Poet Daniel Hoffman 
Photo: Elizabeth McFarland 

    The oratorio, wrote Laderman in his program notes, “creates a musical tapestry that evokes the multi-layered textures of the poem.” It was performed twice in March by the Philadelphia Singers, backed by the Concerto Soloists Chamber Orchestra, at the Independence Seaport Museum’s concert hall. Under the direction of music director David Hays were baritone Richard Zeller (who sang the words of William Penn), soprano Heather Buck (Hoffman’s inner “voice of conscience”) and tenor Jon Garrison (“commentator on the overall action”), while the text and illustrations were projected on two walls. Hoffman, poet-in-residence at Penn and a former Poet Laureate, says he followed W. H. Auden’s advice on giving the composer free rein and letting the music predominate. And the “splendid” performance of the Philadelphia Singers and their soloists made it a “living experience” for him. He also says he learned about the “vast difference between being a poet alone in my study with my Olivetti or my pen, and having to work in collaboration with large organizations in different fields.
    “The music I thought was really stunning,” he adds, “and I was very pleased with the projection of the text and illustrations, so that the listeners could have a sense of the shape of the poetry. And it dramatized parallels I hoped to draw between the Indian pictographs and the white man’s paintings.”
    Hoffman appeared on stage to speak the bleak, compassionate words of “Dr. Ward of Kentucky,” who in 1820 ministered to the few dying members of the Lenni Lenape in Indiana. They had been evicted from their lands through a fraudulent treaty perpetuated by Penn’s son Thomas, and their chief—“a sad shadow fading between the trees”—had given Ward the sacred Walam Olum, a pictorial history of the tribe, to keep the memory alive. (The only surviving copy of the Walam Olum is in the notebooks of Professor Rafinesque in the special-collections department of Van Pelt Library.)
    The Walam Olum and West’s painting were what first sparked Hoffman’s imagination, and he would eventually weave them into his long, modernist poem—along with his own words, the letters of William Penn and other writings. Both the poem and the oratorio employ tones that are in turn elegiacal, idealistic and tough-minded. (“Before there was a Philadelphia/There was a Philadelphia Lawyer,” sang Buck, piercingly, while the chorus, describing an unnamed settler, intoned: “He’d as like run the tax-collector back to Philadelphia with a ramrod up his ass/As shoot an Indian in the heel to watch him dance.”)

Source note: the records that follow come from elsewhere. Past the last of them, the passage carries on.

Lemma shift_witness : forall rho r b1 b2 c p M, r <= rho -> fam rho b1 c p = true -> c < M ->
  exists c' a a' s, M <= c' /\ p = a ++ s /\ length s <= r /\
    (length s = r \/ (a = [] /\ a' = [])) /\
    (forall s', length s' <= 2 * r -> fam rho b1 c (a ++ s') = fam rho b2 c' (a' ++ s')).
Proof.
  intros rho r b1 b2 c p M Hr H HM.
  destruct (le_lt_dec (length p) r) as [Ht|Ht].
  - (* near the root: move to a tree of the same parity *)
    exists ((if Nat.even c then 0 else 1) + 2 * M), [], [], p.
    split; [destruct (Nat.even c); lia|]. split; [auto|]. split; [auto|]. split; [right; auto|].
    intros s' Hs'. cbn [app]. rewrite !fam_short by (unfold depth; lia).
    rewrite Nat.even_add_mul_2. destruct (Nat.even c); auto.
  - set (a := firstn (length p - r) p). set (s := skipn (length p - r) p).
    assert (Hp : p = a ++ s) by (symmetry; apply firstn_skipn).
    assert (Hs : length s = r) by (unfold s; rewrite length_skipn; lia).
    assert (Ha : a <> []).
    { intro E. assert (length a = length p - r) by (unfold a; rewrite length_firstn; lia).
      rewrite E in H0. simpl in H0. lia. }
    assert (Hodd : fam rho b2 (1 + 2 * M) = trunc_node rho 3 (1 + 2 * M))
      by (apply fam_odd; rewrite Nat.even_add_mul_2; auto).
    rewrite Hp in H.
    assert (Hgoal : forall a', (forall s', length s' <= 2 * rho ->
                                  fam rho b1 c (a ++ s') = trunc_node rho 3 (1 + 2 * M) (a' ++ s')) ->
              exists c' a0 a0' s0, M <= c' /\ p = a0 ++ s0 /\ length s0 <= r /\
                (length s0 = r \/ (a0 = [] /\ a0' = [])) /\
                (forall s', length s' <= 2 * r -> fam rho b1 c (a0 ++ s') = fam rho b2 c' (a0' ++ s'))).
    { intros a' Ha'. exists (1 + 2 * M), a, a', s. split; [lia|]. split; [auto|].
      split; [lia|]. split; [left; auto|]. intros s' Hs'. rewrite Hodd. apply Ha'. lia. }
    destruct (fam_cases rho b1 c) as [HT|[q [Hq HK]]]; rewrite ?HT, ?HK in H.
    + apply (Hgoal [0]). intros; rewrite HT. apply agree_full; auto. eapply tree_node_prefix; eauto.
    + assert (Hqa : tree_node q a = true).
      { apply andb_true_iff in H. destruct H as [H _]. eapply tree_node_prefix; eauto. }
      destruct (le_lt_dec (length a) (depth rho)) as [Hal|Hal].
      * apply (Hgoal (repeat 0 (length a))). intros; rewrite HK. apply agree_mid; auto; lia.
      * destruct (agree_deep rho q c (1 + 2 * M) a s ltac:(lia) ltac:(lia) Ha H Hal) as [a' [_ Ha']].
        apply (Hgoal a'). intros; rewrite HK. auto.
Qed.

Theorem rich_fam : forall rho r b1 b2, r <= rho -> Rich (Adj (fam rho b1)) (Adj (fam rho b2)) r.
Proof.
  intros rho r b1 b2 Hr. apply rich_of_shifts. intros c p H l2.
  set (cs := map (fun u : Node (fam rho b2) => fst (proj1_sig u)) l2).
  set (M := S (c + list_max cs)).
  destruct (shift_witness rho r b1 b2 c p M Hr H ltac:(unfold M; lia))
    as [c' [a [a' [s [Hc' [Hp [Hs [Hr' Hsh]]]]]]]].
  exists c', a, a', s. split; [auto|]. split; [|auto].
  intros u Hu E. subst c'.
  assert (Hin : In (fst (proj1_sig u)) cs) by (apply (in_map (fun u : Node (fam rho b2) => fst (proj1_sig u))); auto).
  assert (Hmax : Forall (fun k => k <= list_max cs) cs) by (apply list_max_le; lia).
  rewrite Forall_forall in Hmax. specialize (Hmax _ Hin). unfold M in Hc'. lia.
Qed.

Lemma has_degree_unique : forall {V} (E : V -> V -> Prop) x n m,
  has_degree E x n -> has_degree E x m -> n = m.
Proof.
  intros V E x n m [l [Hl [Hn Hx]]] [l' [Hl' [Hm Hx']]].
  assert (length l <= length l') by (apply NoDup_incl_length; auto; intros y Hy; apply Hx', Hx; auto).
  assert (length l' <= length l) by (apply NoDup_incl_length; auto; intros y Hy; apply Hx, Hx'; auto).
  lia.
Qed.

Section Automorphisms.
Context {V : Type} (E : V -> V -> Prop).

Lemma automorphism_inv : forall f, automorphism E f ->
  exists g, automorphism E g /\ (forall x, g (f x) = x) /\ (forall x, f (g x) = x).
Proof.
  intros f [[g [Hgf Hfg]] HE]. exists g. split; [|auto].
  split; [exists f; auto|]. intros x y. rewrite (HE (g x) (g y)), !Hfg. tauto.
Qed.

Lemma aut_walk : forall f, automorphism E f ->
  forall x z k, walk E x z k -> walk E (f x) (f z) k.
Proof.
  intros f [_ HE] x z k H; induction H; [constructor|].
  apply walk_cons with (f y); [apply (proj1 (HE x y))|]; auto.
Qed.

    In a sense, Brotherly Love had its genesis in 1948, when Hoffman first came to Philadelphia and found it in a “ferment of reform” led by Richardson Dilworth and Joe Clark. “I thought that Billy Penn’s statue, then the highest structure in the city, was spreading his spell across the town that he founded,” he recalls. “Later, when Nixon was president and was putting Quaker protesters against his unjust war in jail for ‘disturbing the peace,’ I thought, ‘What would our country be like if someone like Penn were running it?’ This became a very personal burden for me.” Since most American poetry back in the seventies was “confessional and autobiographical,” he notes, “I had a sense of swimming against the stream. But I persisted.”
    The book took more than a dozen years to write, says Hoffman, “and was the result of my becoming convinced that the early history of Pennsylvania had not been adequately told; that Penn was a forgotten Founding Father; and that the story of his equal treatment of the Indians and the betrayal of his good intentions by his successors was an important and very moving aspect of American history.”
    In writing the poem, he became “convinced that Penn’s idealism anticipating the Bill of Rights by 100 years was a permanent contribution to American political culture.” Unfortunately, he adds, “the subsequent history shows how difficult it is to live up to those ideals. That’s what ideals are for—to put perhaps unattainable goals constantly before us.”